▸ **Exercise goal**
Range to reproduce from the entries below: the line with "the fraction in", the line with "From Stdlib Require Import Reals Lra Lia.", and every line in between. Give them exactly and give nothing else.

▸ **Listed entries**
(* Let $h\ge1$, $n$ and $m_{\mathrm H}$ be fixed, let $\gamma=(m_{\mathrm H}/n)^{1/(h+1)}$, and for $i\in\mathbb{N}$ let $(\ell_i,s_i)=(i,\mathrm{round}(\gamma i)+1)$. Then $$t_{\mathrm{new}}(\ell_i,s_i)=n\Big(1-\big(\tfrac{m_{\mathrm H}}{n}\big)^{\frac{h}{h+1}}-O(\tfrac1i)\Big)\quad (i\to\infty),$$ where for positive integers $s\le\ell$, $$t_{\mathrm{new}}(\ell,s)=n\Big(1-\frac{sC_{<s}-W_{<s}}{sC_{\le\ell}}\Big)-\frac{h}{h+1}\frac{\ell}{s}m_{\mathrm H}+\frac1s\Big(\frac{1}{C_{\le\ell}}-1\Big).$$
   Context: Here $q$ is a prime power, $n=q^3$, $g=\tfrac12q(q-1)$, and $m_{\mathrm H}$ is an integer with $2(g-1)<m_{\mathrm H}<n$ (so $0<\gamma<1$); $h\ge1$ is an integer. $\mathrm{round}(x)$ denotes the nearest integer to $x$. Counting quantities (over $\mathbb{Z}_{\ge0}^h$, with $|\mathbf{i}|=\sum_\mu i_\mu$): $C_{\le\ell}=\#\{\mathbf{j}\in\mathbb{Z}_{\ge0}^h:|\mathbf{j}|\le\ell\}$, $C_{<s}=\#\{\mathbf{i}\in\mathbb{Z}_{\ge0}^h:|\mathbf{i}|<s\}$, $W_{<s}=\sum_{\mathbf{i}\in\mathbb{Z}_{\ge0}^h,|\mathbf{i}|<s}|\mathbf{i}|$. *)

From mathcomp Require Import all_boot.
From Stdlib Require Import Reals.
Set Implicit Arguments. Unset Strict Implicit. Unset Printing Implicit Defensive.

Definition prime_power (q : nat) : Prop :=
  exists p k : nat, prime p /\ (0 < k)%N /\ q = (p ^ k)%N.

(* |i| for i : Z_{>=0}^h, with components bounded by b (bound chosen large
   enough that no tuple with the relevant constraint on |i| is excluded). *)
Definition absi (h b : nat) (f : {ffun 'I_h -> 'I_b}) : nat :=
  (\sum_(k < h) (f k : nat))%N.

(* C_{<=l} = #{ j in Z_{>=0}^h : |j| <= l }  (components automatically <= l) *)
Definition C_le (h l : nat) : nat :=
  #|[pred f : {ffun 'I_h -> 'I_l.+1} | (absi f <= l)%N]|.

(* C_{<s} = #{ i in Z_{>=0}^h : |i| < s }  (components automatically < s) *)
Definition C_lt (h s : nat) : nat :=
  #|[pred f : {ffun 'I_h -> 'I_s} | (absi f < s)%N]|.

Definition W_lt (h s : nat) : nat :=
  (\sum_(f : {ffun 'I_h -> 'I_s} | (absi f < s)%N) absi f)%N.

(* floor and nearest-integer rounding (ties rounded up) on reals *)
Definition Rfloor (x : R) : Z := (up x - 1)%Z.
Definition round (x : R) : Z := Rfloor (x + / 2)%R.

Definition t_new (n mH h l s : nat) : R :=
  (INR n * (1 - (INR s * INR (C_lt h s) - INR (W_lt h s)) / (INR s * INR (C_le h l)))
   - (INR h / INR (h + 1)) * (INR l / INR s) * INR mH
   + / INR s * (/ INR (C_le h l) - 1))%R.

Definition gamma (n mH h : nat) : R := Rpower (INR mH / INR n) (/ INR (h + 1)).

(* s_i = round(gamma i) + 1 ; gamma i >= 0 so round is a nonnegative integer *)
Definition s_seq (n mH h i : nat) : nat := (Z.to_nat (round (gamma n mH h * INR i)) + 1)%N.

(** The counts are binomial coefficients: stars and bars give
    [C_{<=l} = binom(l+h, h)], and [s C_{<s} - W_{<s}], the sum of [s - |i|]
    over [|i| < s], counts the [(h+1)]-tuples with entry sum [< s], so it is
    [binom(s+h, h+1)].  Hence [h! C_{<=l}] and [(h+1)! (s C_{<s} - W_{<s})] are
    falling factorials, squeezed between [(l+1)^h] and [(l+h)^h], resp. [s^(h+1)]
    and [(s+h)^(h+1)].  Along [s_i = gamma i + O(1)] this makes the fraction in
    [t_new] equal to [gamma^h/(h+1) + O(1/i)] and, since
    [m_H = n gamma^(h+1)], the middle term equal to
    [n h gamma^h/(h+1) + O(1/i)]; the last term is [O(1/i)]. *)

From mathcomp Require Import all_boot.
From Stdlib Require Import Reals Lra Lia.
(* Not imported: Coquelicot opens [R_scope] globally, which breaks [%N] below. *)
From Coquelicot Require Hierarchy.

Set Implicit Arguments.
Unset Strict Implicit.
Unset Printing Implicit Defensive.

Lemma absi_finfun_of_tuple h b (t : h.-tuple 'I_b) :
  absi (finfun_of_tuple t) = \sum_(i <- t) i.
Proof. by rewrite /absi big_tuple; apply: eq_bigr => k _; rewrite ffunE. Qed.

Lemma sum_absi {h b : nat} (P : pred nat) (F : nat -> nat) :
  \sum_(f : {ffun 'I_h -> 'I_b} | P (absi f)) F (absi f) =
  \sum_(t : h.-tuple 'I_b | P (\sum_(i <- t) i)) F (\sum_(i <- t) i).
Proof.
rewrite (reindex (@finfun_of_tuple _ h)) /=; last first.
  by exists tuple_of_finfun => f _; [apply: finfun_of_tupleK | apply: tuple_of_finfunK].
by apply: eq_big => [t|t _]; rewrite absi_finfun_of_tuple.
Qed.

Lemma sum_tupleS (T : finType) n (F : n.+1.-tuple T -> nat) :
  \sum_(u : n.+1.-tuple T) F u = \sum_(x : T) \sum_(t : n.-tuple T) F [tuple of x :: t].
Proof.
rewrite pair_big (reindex (fun p : T * n.-tuple T => [tuple of p.1 :: p.2])) //=.
exists (fun u => (thead u, behead_tuple u)) => [[x t] _ | u _].
  by congr pair; apply: val_inj.
by case/tupleP: u => x t; apply: val_inj.
Qed.

Lemma sum_ord_addn_leq t a : \sum_(x < t.+1 | x + a <= t) 1 = t.+1 - a.
Proof.
rewrite (eq_bigl (fun x : 'I_t.+1 => x < t.+1 - a)) => [|x]; last by rewrite ltn_subRL addnC.
by rewrite big_ord_narrow ?leq_subr // sum1_card card_ord.
Qed.

Lemma C_le_bin h l : C_le h l = 'C(h + l, h).
Proof.
rewrite /C_le -sum1_card (eq_bigl (fun f => absi f <= l)) //.
by rewrite (sum_absi (fun k => k <= l) (fun _ => 1)) sum1dep_card card_partial_ord_partitions.
Qed.

Lemma C_le_succ h t :
  C_le h.+1 t = \sum_(f : {ffun 'I_h -> 'I_t.+1} | absi f <= t) (t.+1 - absi f).
Proof.
rewrite /C_le -sum1_card (eq_bigl (fun f => absi f <= t)) //.
rewrite (sum_absi (fun k => k <= t) (fun _ => 1)) (sum_absi (fun k => k <= t) (subn t.+1)).
rewrite big_mkcond sum_tupleS exchange_big [RHS]big_mkcond /=.
apply: eq_bigr => u _; rewrite -big_mkcond /=.
under eq_bigl => x do rewrite big_cons.
rewrite sum_ord_addn_leq.
by case: leqP => // lt_tu; apply/eqP; rewrite subn_eq0.
Qed.

Lemma C_lt_W_lt_C_le h t : t.+1 * C_lt h t.+1 = W_lt h t.+1 + C_le h.+1 t.
Proof.
rewrite C_le_succ /W_lt /C_lt -sum1_card (eq_bigl (fun f => absi f <= t)) //.
rewrite big_distrr -big_split /=; apply: eq_bigr => f le_ft.
by rewrite muln1 subnKC // ltnW.
Qed.

Lemma leq_ffact_expn n k : n ^_ k <= expn n k.
Proof. by elim: k => // k IHk; rewrite ffactnSr expnSr leq_mul // leq_subr. Qed.

Lemma leq_expn_ffact n k : expn n.+1 k <= (n + k) ^_ k.
Proof. by elim: k => // k IHk; rewrite addnS ffactSS expnS leq_mul // ltnS leq_addr. Qed.

Lemma C_le_fact_bounds h l : expn l.+1 h <= C_le h l * h`! <= expn (l + h) h.
Proof. by rewrite C_le_bin bin_ffact [h + l]addnC leq_expn_ffact leq_ffact_expn. Qed.

Section RateOfConvergence.
Local Open Scope R_scope.
Implicit Types (u v : nat -> R) (a b : R).

Definition cvg_O_inv (u : nat -> R) (a : R) : Prop :=
  exists C, Hierarchy.eventually (fun i => INR i * Rabs (u i - a) <= C).

Lemma eventually_INR_ge (M : R) : Hierarchy.eventually (fun i => M <= INR i).
Proof. by have [N leMN] := INR_unbounded M; exists N => i /le_INR; lra. Qed.

Lemma cvg_O_inv_eq u v a b :
  Hierarchy.eventually (fun i => u i = v i) -> a = b -> cvg_O_inv u a -> cvg_O_inv v b.
Proof.
move=> uv <- [C uC]; exists C.
by apply: Hierarchy.filter_imp (Hierarchy.filter_and _ _ uv uC) => i [<-].
Qed.

Lemma cvg_O_inv_const a : cvg_O_inv (fun=> a) a.
Proof.
exists 0; apply: Hierarchy.filter_forall => i.
by rewrite Rminus_diag Rabs_R0 Rmult_0_r; apply: Rle_refl.
Qed.

Lemma cvg_O_inv_invn : cvg_O_inv (fun i => / INR i) 0.
Proof.
exists 1; apply: Hierarchy.filter_imp (eventually_INR_ge 1) => i i_ge1.
rewrite Rminus_0_r Rabs_pos_eq ?Rinv_r; try lra.
by apply/Rlt_le/Rinv_0_lt_compat; lra.
Qed.

Lemma cvg_O_inv_bounded u a :
  cvg_O_inv u a -> exists B, Hierarchy.eventually (fun i => Rabs (u i) <= B).
Proof.
move=> [C uC]; exists (Rabs a + C).
apply: Hierarchy.filter_imp (Hierarchy.filter_and _ _ uC (eventually_INR_ge 1)).
move=> i [iuC i_ge1].
have := Rabs_pos (u i - a); have := Rabs_triang_inv (u i) a; nra.
Qed.

Lemma cvg_O_invD u v a b :
  cvg_O_inv u a -> cvg_O_inv v b -> cvg_O_inv (fun i => u i + v i) (a + b).
Proof.
move=> [C uC] [D vD]; exists (C + D).
apply: Hierarchy.filter_imp (Hierarchy.filter_and _ _ uC vD) => i [iuC ivD].
have := pos_INR i; have := Rabs_triang (u i - a) (v i - b).
have -> : u i - a + (v i - b) = u i + v i - (a + b) by ring.
nra.
Qed.

Lemma cvg_O_invZ c u a : cvg_O_inv u a -> cvg_O_inv (fun i => c * u i) (c * a).
Proof.
move=> [C uC]; exists (Rabs c * C).
apply: Hierarchy.filter_imp uC => i iuC.
rewrite -Rmult_minus_distr_l Rabs_mult.
have := Rabs_pos c; nra.
Qed.

Lemma cvg_O_invM u v a b :
  cvg_O_inv u a -> cvg_O_inv v b -> cvg_O_inv (fun i => u i * v i) (a * b).
Proof.
move=> ua vb; have [B uB] := cvg_O_inv_bounded ua.
move: ua vb => [C uC] [D vD]; exists (B * D + Rabs b * C).
apply: Hierarchy.filter_imp (Hierarchy.filter_and _ _ (Hierarchy.filter_and _ _ uC vD) uB).
move=> i [[iuC ivD] ub].
have -> : u i * v i - a * b = u i * (v i - b) + b * (u i - a) by ring.
have := Rabs_triang (u i * (v i - b)) (b * (u i - a)); rewrite !Rabs_mult.
have := pos_INR i => i_ge0 triang.
have : Rabs (u i) * (INR i * Rabs (v i - b)) <= B * D.
  by apply: Rmult_le_compat => //; [apply: Rabs_pos | apply/Rmult_le_pos/Rabs_pos].
have : Rabs b * (INR i * Rabs (u i - a)) <= Rabs b * C.
  by apply/Rmult_le_compat_l/iuC/Rabs_pos.
nra.
Qed.

Lemma cvg_O_invX k u a : cvg_O_inv u a -> cvg_O_inv (fun i => u i ^ k) (a ^ k).
Proof.
move=> ua; elim: k => [|k IHk]; first exact: cvg_O_inv_const.
exact: cvg_O_invM ua IHk.
Qed.

Lemma cvg_O_invV u a :
  a <> 0 -> cvg_O_inv u a -> cvg_O_inv (fun i => / u i) (/ a).
Proof.
move=> a_neq0 [C uC]; have a_gt0 := Rabs_pos_lt a a_neq0.
exists (2 * C / (Rabs a * Rabs a)).
have large : Hierarchy.eventually (fun i => 1 <= INR i /\ 2 * C / Rabs a <= INR i).
  by apply: Hierarchy.filter_and; apply: eventually_INR_ge.
apply: Hierarchy.filter_imp (Hierarchy.filter_and _ _ uC large) => i [iuC [i_ge1 i_large]].
have C_ge0 : 0 <= C by have := Rabs_pos (u i - a); nra.
have ua_small : Rabs (u i - a) <= Rabs a / 2.
  have : 2 * C / Rabs a * Rabs a = 2 * C by field; lra.
  have := Rabs_pos (u i - a); nra.
have u_large : Rabs a / 2 <= Rabs (u i).
  by have := Rabs_triang_inv a (u i); rewrite Rabs_minus_sym in ua_small; lra.
have u_neq0 : u i <> 0 by move=> u0; rewrite u0 Rabs_R0 in u_large; lra.
have -> : / u i - / a = (a - u i) * / (u i * a) by field.
rewrite Rabs_mult Rabs_inv Rabs_mult Rabs_minus_sym -Rmult_assoc.
have inv_le : / (Rabs (u i) * Rabs a) <= 2 / (Rabs a * Rabs a).
  have -> : 2 / (Rabs a * Rabs a) = / (Rabs a * (Rabs a / 2)) by field; lra.
  apply: Rinv_le_contravar; first by apply: Rmult_lt_0_compat; lra.
  nra.
have -> : 2 * C / (Rabs a * Rabs a) = C * (2 / (Rabs a * Rabs a)) by rewrite /Rdiv; ring.
apply: Rmult_le_compat => //.
- by apply/Rmult_le_pos/Rabs_pos/pos_INR.
- by apply/Rlt_le/Rinv_0_lt_compat; apply: Rmult_lt_0_compat; lra.
Qed.

Lemma cvg_O_inv_squeeze u v w a :
  Hierarchy.eventually (fun i => v i <= u i <= w i) ->
  cvg_O_inv v a -> cvg_O_inv w a -> cvg_O_inv u a.
Proof.
move=> vuw [C vC] [D wD]; exists (C + D).
apply: Hierarchy.filter_imp (Hierarchy.filter_and _ _ vuw (Hierarchy.filter_and _ _ vC wD)).
move=> i [[vu uw] [ivC iwD]].
have : Rabs (u i - a) <= Rabs (v i - a) + Rabs (w i - a).
  by rewrite /Rabs; repeat case: Rcase_abs; lra.
have := pos_INR i; nra.
Qed.

Lemma cvg_O_inv_pow_ratio (x y : nat -> R) (c : R) k :
  cvg_O_inv (fun i => / x i) 0 ->
  Hierarchy.eventually (fun i => 0 < x i /\ x i ^ k <= y i <= (x i + c) ^ k) ->
  cvg_O_inv (fun i => y i / x i ^ k) 1.
Proof.
move=> x_inv bounds.
have base : cvg_O_inv (fun i => 1 + c * / x i) 1.
  apply: cvg_O_inv_eq (cvg_O_invD (cvg_O_inv_const 1) (cvg_O_invZ c x_inv)).
    by apply: Hierarchy.filter_forall.
  ring.
have upper := cvg_O_invX k base; rewrite pow1 in upper.
apply: cvg_O_inv_squeeze (cvg_O_inv_const 1) upper.
apply: Hierarchy.filter_imp bounds => i [x_gt0 [lo hi]].
have xk_gt0 : 0 < x i ^ k by apply: pow_lt.
have inv_xk_ge0 : 0 <= / x i ^ k by apply/Rlt_le/Rinv_0_lt_compat.
split.
- have -> : y i / x i ^ k = 1 + (y i - x i ^ k) * / x i ^ k by field; lra.
  have : 0 <= (y i - x i ^ k) * / x i ^ k by apply: Rmult_le_pos => //; lra.
  lra.
- have -> : 1 + c * / x i = (x i + c) * / x i by field; lra.
  by rewrite Rpow_mult_distr pow_inv; apply: Rmult_le_compat_r.
Qed.

End RateOfConvergence.

Section RealFacts.
Local Open Scope R_scope.

Lemma INR_expn a k : INR (expn a k) = INR a ^ k.
Proof. by elim: k => // k IHk; rewrite expnS mult_INR IHk. Qed.

Lemma t_new_eq n mH h l s : (0 < s)%nat ->
  t_new n mH h l s =
  INR n * (1 - INR (C_le h.+1 s.-1) / (INR s * INR (C_le h l)))
  - INR h / INR (h + 1) * (INR l / INR s) * INR mH + / INR s * (/ INR (C_le h l) - 1).
Proof.
case: s => // s _; rewrite /t_new /=.
have /(congr1 INR) := C_lt_W_lt_C_le h s; rewrite mult_INR plus_INR => sCW.
by have -> : INR s.+1 * INR (C_lt h s.+1) - INR (W_lt h s.+1) = INR (C_le h.+1 s) by lra.
Qed.

Lemma round_bounds x : x - / 2 < IZR (round x) <= x + / 2.
Proof.
by rewrite /round /Rfloor minus_IZR; have := archimed (x + / 2); lra.
Qed.

Lemma round_ge0 x : 0 <= x -> (0 <= round x)%Z.
Proof.
move=> x_ge0; suff : (-1 < round x)%Z by lia.
by apply: lt_IZR; have := round_bounds x; lra.
Qed.

Lemma s_seq_bounds n mH h i :
  gamma n mH h * INR i + / 2 < INR (s_seq n mH h i) <= gamma n mH h * INR i + 3 / 2.
Proof.
have g_ge0 : 0 <= gamma n mH h * INR i.
  by apply: Rmult_le_pos; [apply/Rlt_le/exp_pos | apply: pos_INR].
rewrite /s_seq addn1 S_INR (INR_IZR_INZ (Z.to_nat _)) Znat.Z2Nat.id; last exact: round_ge0.
by have := round_bounds (gamma n mH h * INR i); lra.
Qed.

Lemma gamma_pow n mH h k :
  gamma n mH h ^ k = Rpower (INR mH / INR n) (INR k / INR (h + 1)).
Proof.
rewrite -Rpower_pow; last exact: exp_pos.
by rewrite /gamma Rpower_mult; congr Rpower; rewrite /Rdiv Rmult_comm.
Qed.

End RealFacts.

▸ **Written answer**
    and [(s+h)^(h+1)].  Along [s_i = gamma i + O(1)] this makes the fraction in
    [t_new] equal to [gamma^h/(h+1) + O(1/i)] and, since
    [m_H = n gamma^(h+1)], the middle term equal to
    [n h gamma^h/(h+1) + O(1/i)]; the last term is [O(1/i)]. *)

From mathcomp Require Import all_boot.
From Stdlib Require Import Reals Lra Lia.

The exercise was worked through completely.